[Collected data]
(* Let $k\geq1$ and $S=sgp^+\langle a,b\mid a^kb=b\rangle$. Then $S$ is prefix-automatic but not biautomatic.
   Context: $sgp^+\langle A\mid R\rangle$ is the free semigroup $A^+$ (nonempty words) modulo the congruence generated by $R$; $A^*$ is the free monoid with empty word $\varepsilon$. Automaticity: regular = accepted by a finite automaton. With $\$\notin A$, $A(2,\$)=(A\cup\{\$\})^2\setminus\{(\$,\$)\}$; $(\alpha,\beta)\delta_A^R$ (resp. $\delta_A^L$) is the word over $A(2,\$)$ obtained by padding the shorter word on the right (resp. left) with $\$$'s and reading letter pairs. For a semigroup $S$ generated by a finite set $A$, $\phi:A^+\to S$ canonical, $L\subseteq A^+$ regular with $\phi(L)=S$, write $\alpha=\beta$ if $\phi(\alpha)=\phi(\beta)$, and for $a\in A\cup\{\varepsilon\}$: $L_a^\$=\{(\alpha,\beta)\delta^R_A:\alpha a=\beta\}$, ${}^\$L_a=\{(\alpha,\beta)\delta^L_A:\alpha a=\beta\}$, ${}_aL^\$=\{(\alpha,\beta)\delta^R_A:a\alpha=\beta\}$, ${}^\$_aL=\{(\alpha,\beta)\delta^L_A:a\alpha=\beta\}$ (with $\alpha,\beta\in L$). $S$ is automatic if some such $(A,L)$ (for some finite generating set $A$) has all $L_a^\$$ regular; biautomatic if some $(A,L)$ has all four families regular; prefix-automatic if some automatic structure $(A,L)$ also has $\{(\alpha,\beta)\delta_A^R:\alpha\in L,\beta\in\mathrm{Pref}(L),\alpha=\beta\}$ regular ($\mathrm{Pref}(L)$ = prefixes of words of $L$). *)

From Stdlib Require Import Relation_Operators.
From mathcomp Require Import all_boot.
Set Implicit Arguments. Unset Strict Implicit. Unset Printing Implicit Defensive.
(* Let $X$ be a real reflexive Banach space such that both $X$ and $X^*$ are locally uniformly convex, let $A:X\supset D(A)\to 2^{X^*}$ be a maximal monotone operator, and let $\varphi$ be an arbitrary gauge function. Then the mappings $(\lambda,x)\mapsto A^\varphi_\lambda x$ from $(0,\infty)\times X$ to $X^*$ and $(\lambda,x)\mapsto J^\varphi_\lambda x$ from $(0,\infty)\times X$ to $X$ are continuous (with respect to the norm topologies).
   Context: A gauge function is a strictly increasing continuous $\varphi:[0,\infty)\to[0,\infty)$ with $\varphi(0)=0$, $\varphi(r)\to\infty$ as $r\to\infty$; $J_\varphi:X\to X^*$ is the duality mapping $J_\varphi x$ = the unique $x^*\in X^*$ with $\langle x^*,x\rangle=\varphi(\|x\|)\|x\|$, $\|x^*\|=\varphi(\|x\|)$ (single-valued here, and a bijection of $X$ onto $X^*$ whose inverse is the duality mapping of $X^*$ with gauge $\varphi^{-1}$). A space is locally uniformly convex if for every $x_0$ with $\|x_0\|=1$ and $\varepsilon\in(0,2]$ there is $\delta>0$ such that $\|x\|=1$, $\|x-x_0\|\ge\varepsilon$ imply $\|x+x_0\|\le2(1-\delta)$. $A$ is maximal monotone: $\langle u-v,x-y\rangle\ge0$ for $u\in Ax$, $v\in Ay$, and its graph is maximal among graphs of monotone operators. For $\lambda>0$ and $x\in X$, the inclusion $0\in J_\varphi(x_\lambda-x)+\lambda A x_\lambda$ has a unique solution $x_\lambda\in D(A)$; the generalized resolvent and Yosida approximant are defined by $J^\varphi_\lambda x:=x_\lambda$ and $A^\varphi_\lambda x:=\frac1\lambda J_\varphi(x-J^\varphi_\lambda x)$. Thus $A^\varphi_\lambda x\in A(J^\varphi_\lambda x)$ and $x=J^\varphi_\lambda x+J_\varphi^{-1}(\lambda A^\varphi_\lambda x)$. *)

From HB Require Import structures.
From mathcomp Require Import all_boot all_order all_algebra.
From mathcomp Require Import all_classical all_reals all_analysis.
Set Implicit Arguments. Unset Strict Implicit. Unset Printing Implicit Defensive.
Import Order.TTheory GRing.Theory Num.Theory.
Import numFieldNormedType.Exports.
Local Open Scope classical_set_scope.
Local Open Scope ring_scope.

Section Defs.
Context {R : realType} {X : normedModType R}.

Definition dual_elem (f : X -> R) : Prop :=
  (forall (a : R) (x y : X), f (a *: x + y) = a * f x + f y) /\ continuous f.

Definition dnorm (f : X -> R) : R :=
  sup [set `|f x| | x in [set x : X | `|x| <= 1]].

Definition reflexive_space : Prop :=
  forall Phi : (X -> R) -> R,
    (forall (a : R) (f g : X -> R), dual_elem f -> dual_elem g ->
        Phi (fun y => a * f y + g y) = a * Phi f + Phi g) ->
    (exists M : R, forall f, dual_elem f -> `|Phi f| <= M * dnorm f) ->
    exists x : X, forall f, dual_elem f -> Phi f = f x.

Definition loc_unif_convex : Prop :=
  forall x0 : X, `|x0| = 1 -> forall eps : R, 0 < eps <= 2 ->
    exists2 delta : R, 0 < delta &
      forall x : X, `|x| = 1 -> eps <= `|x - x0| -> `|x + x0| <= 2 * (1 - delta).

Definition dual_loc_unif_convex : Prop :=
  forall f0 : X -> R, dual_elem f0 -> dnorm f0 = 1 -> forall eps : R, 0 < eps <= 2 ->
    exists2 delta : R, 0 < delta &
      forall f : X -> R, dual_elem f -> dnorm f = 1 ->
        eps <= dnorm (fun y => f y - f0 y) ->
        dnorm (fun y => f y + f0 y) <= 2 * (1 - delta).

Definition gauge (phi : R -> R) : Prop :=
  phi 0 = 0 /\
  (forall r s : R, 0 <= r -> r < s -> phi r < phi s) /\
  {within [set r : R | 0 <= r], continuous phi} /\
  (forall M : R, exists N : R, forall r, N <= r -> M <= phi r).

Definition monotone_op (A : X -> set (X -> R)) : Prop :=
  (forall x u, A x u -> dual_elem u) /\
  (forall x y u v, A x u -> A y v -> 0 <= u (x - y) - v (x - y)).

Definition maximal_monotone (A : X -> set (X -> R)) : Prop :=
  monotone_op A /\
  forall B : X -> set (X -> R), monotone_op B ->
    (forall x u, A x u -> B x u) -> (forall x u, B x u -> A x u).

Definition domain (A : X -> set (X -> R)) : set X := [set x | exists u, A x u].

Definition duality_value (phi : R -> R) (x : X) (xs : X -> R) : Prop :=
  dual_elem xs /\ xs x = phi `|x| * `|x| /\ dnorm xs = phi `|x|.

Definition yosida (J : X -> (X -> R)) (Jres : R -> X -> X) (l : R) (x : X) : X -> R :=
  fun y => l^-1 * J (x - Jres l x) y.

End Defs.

Task goal: Each entry, from start to finish, must be restated exactly.

Worked solution:
(* Let $k\geq1$ and $S=sgp^+\langle a,b\mid a^kb=b\rangle$. Then $S$ is prefix-automatic but not biautomatic.
   Context: $sgp^+\langle A\mid R\rangle$ is the free semigroup $A^+$ (nonempty words) modulo the congruence generated by $R$; $A^*$ is the free monoid with empty word $\varepsilon$. Automaticity: regular = accepted by a finite automaton. With $\$\notin A$, $A(2,\$)=(A\cup\{\$\})^2\setminus\{(\$,\$)\}$; $(\alpha,\beta)\delta_A^R$ (resp. $\delta_A^L$) is the word over $A(2,\$)$ obtained by padding the shorter word on the right (resp. left) with $\$$'s and reading letter pairs. For a semigroup $S$ generated by a finite set $A$, $\phi:A^+\to S$ canonical, $L\subseteq A^+$ regular with $\phi(L)=S$, write $\alpha=\beta$ if $\phi(\alpha)=\phi(\beta)$, and for $a\in A\cup\{\varepsilon\}$: $L_a^\$=\{(\alpha,\beta)\delta^R_A:\alpha a=\beta\}$, ${}^\$L_a=\{(\alpha,\beta)\delta^L_A:\alpha a=\beta\}$, ${}_aL^\$=\{(\alpha,\beta)\delta^R_A:a\alpha=\beta\}$, ${}^\$_aL=\{(\alpha,\beta)\delta^L_A:a\alpha=\beta\}$ (with $\alpha,\beta\in L$). $S$ is automatic if some such $(A,L)$ (for some finite generating set $A$) has all $L_a^\$$ regular; biautomatic if some $(A,L)$ has all four families regular; prefix-automatic if some automatic structure $(A,L)$ also has $\{(\alpha,\beta)\delta_A^R:\alpha\in L,\beta\in\mathrm{Pref}(L),\alpha=\beta\}$ regular ($\mathrm{Pref}(L)$ = prefixes of words of $L$). *)

From Stdlib Require Import Relation_Operators.
From mathcomp Require Import all_boot.
Set Implicit Arguments. Unset Strict Implicit. Unset Printing Implicit Defensive.
(* Let $X$ be a real reflexive Banach space such that both $X$ and $X^*$ are locally uniformly convex, let $A:X\supset D(A)\to 2^{X^*}$ be a maximal monotone operator, and let $\varphi$ be an arbitrary gauge function. Then the mappings $(\lambda,x)\mapsto A^\varphi_\lambda x$ from $(0,\infty)\times X$ to $X^*$ and $(\lambda,x)\mapsto J^\varphi_\lambda x$ from $(0,\infty)\times X$ to $X$ are continuous (with respect to the norm topologies).
   Context: A gauge function is a strictly increasing continuous $\varphi:[0,\infty)\to[0,\infty)$ with $\varphi(0)=0$, $\varphi(r)\to\infty$ as $r\to\infty$; $J_\varphi:X\to X^*$ is the duality mapping $J_\varphi x$ = the unique $x^*\in X^*$ with $\langle x^*,x\rangle=\varphi(\|x\|)\|x\|$, $\|x^*\|=\varphi(\|x\|)$ (single-valued here, and a bijection of $X$ onto $X^*$ whose inverse is the duality mapping of $X^*$ with gauge $\varphi^{-1}$). A space is locally uniformly convex if for every $x_0$ with $\|x_0\|=1$ and $\varepsilon\in(0,2]$ there is $\delta>0$ such that $\|x\|=1$, $\|x-x_0\|\ge\varepsilon$ imply $\|x+x_0\|\le2(1-\delta)$. $A$ is maximal monotone: $\langle u-v,x-y\rangle\ge0$ for $u\in Ax$, $v\in Ay$, and its graph is maximal among graphs of monotone operators. For $\lambda>0$ and $x\in X$, the inclusion $0\in J_\varphi(x_\lambda-x)+\lambda A x_\lambda$ has a unique solution $x_\lambda\in D(A)$; the generalized resolvent and Yosida approximant are defined by $J^\varphi_\lambda x:=x_\lambda$ and $A^\varphi_\lambda x:=\frac1\lambda J_\varphi(x-J^\varphi_\lambda x)$. Thus $A^\varphi_\lambda x\in A(J^\varphi_\lambda x)$ and $x=J^\varphi_\lambda x+J_\varphi^{-1}(\lambda A^\varphi_\lambda x)$. *)

From HB Require Import structures.
From mathcomp Require Import all_boot all_order all_algebra.
From mathcomp Require Import all_classical all_reals all_analysis.
Set Implicit Arguments. Unset Strict Implicit. Unset Printing Implicit Defensive.
Import Order.TTheory GRing.Theory Num.Theory.
Import numFieldNormedType.Exports.
Local Open Scope classical_set_scope.
Local Open Scope ring_scope.

Section Defs.
Context {R : realType} {X : normedModType R}.

Definition dual_elem (f : X -> R) : Prop :=
  (forall (a : R) (x y : X), f (a *: x + y) = a * f x + f y) /\ continuous f.

Definition dnorm (f : X -> R) : R :=
  sup [set `|f x| | x in [set x : X | `|x| <= 1]].

Definition reflexive_space : Prop :=
  forall Phi : (X -> R) -> R,
    (forall (a : R) (f g : X -> R), dual_elem f -> dual_elem g ->
        Phi (fun y => a * f y + g y) = a * Phi f + Phi g) ->
    (exists M : R, forall f, dual_elem f -> `|Phi f| <= M * dnorm f) ->
    exists x : X, forall f, dual_elem f -> Phi f = f x.

Definition loc_unif_convex : Prop :=
  forall x0 : X, `|x0| = 1 -> forall eps : R, 0 < eps <= 2 ->
    exists2 delta : R, 0 < delta &
      forall x : X, `|x| = 1 -> eps <= `|x - x0| -> `|x + x0| <= 2 * (1 - delta).

Definition dual_loc_unif_convex : Prop :=
  forall f0 : X -> R, dual_elem f0 -> dnorm f0 = 1 -> forall eps : R, 0 < eps <= 2 ->
    exists2 delta : R, 0 < delta &
      forall f : X -> R, dual_elem f -> dnorm f = 1 ->
        eps <= dnorm (fun y => f y - f0 y) ->
        dnorm (fun y => f y + f0 y) <= 2 * (1 - delta).

Definition gauge (phi : R -> R) : Prop :=
  phi 0 = 0 /\
  (forall r s : R, 0 <= r -> r < s -> phi r < phi s) /\
  {within [set r : R | 0 <= r], continuous phi} /\
  (forall M : R, exists N : R, forall r, N <= r -> M <= phi r).

Definition monotone_op (A : X -> set (X -> R)) : Prop :=
  (forall x u, A x u -> dual_elem u) /\
  (forall x y u v, A x u -> A y v -> 0 <= u (x - y) - v (x - y)).

Definition maximal_monotone (A : X -> set (X -> R)) : Prop :=
  monotone_op A /\
  forall B : X -> set (X -> R), monotone_op B ->
    (forall x u, A x u -> B x u) -> (forall x u, B x u -> A x u).

Definition domain (A : X -> set (X -> R)) : set X := [set x | exists u, A x u].

Definition duality_value (phi : R -> R) (x : X) (xs : X -> R) : Prop :=
  dual_elem xs /\ xs x = phi `|x| * `|x| /\ dnorm xs = phi `|x|.

Definition yosida (J : X -> (X -> R)) (Jres : R -> X -> X) (l : R) (x : X) : X -> R :=
  fun y => l^-1 * J (x - Jres l x) y.

End Defs.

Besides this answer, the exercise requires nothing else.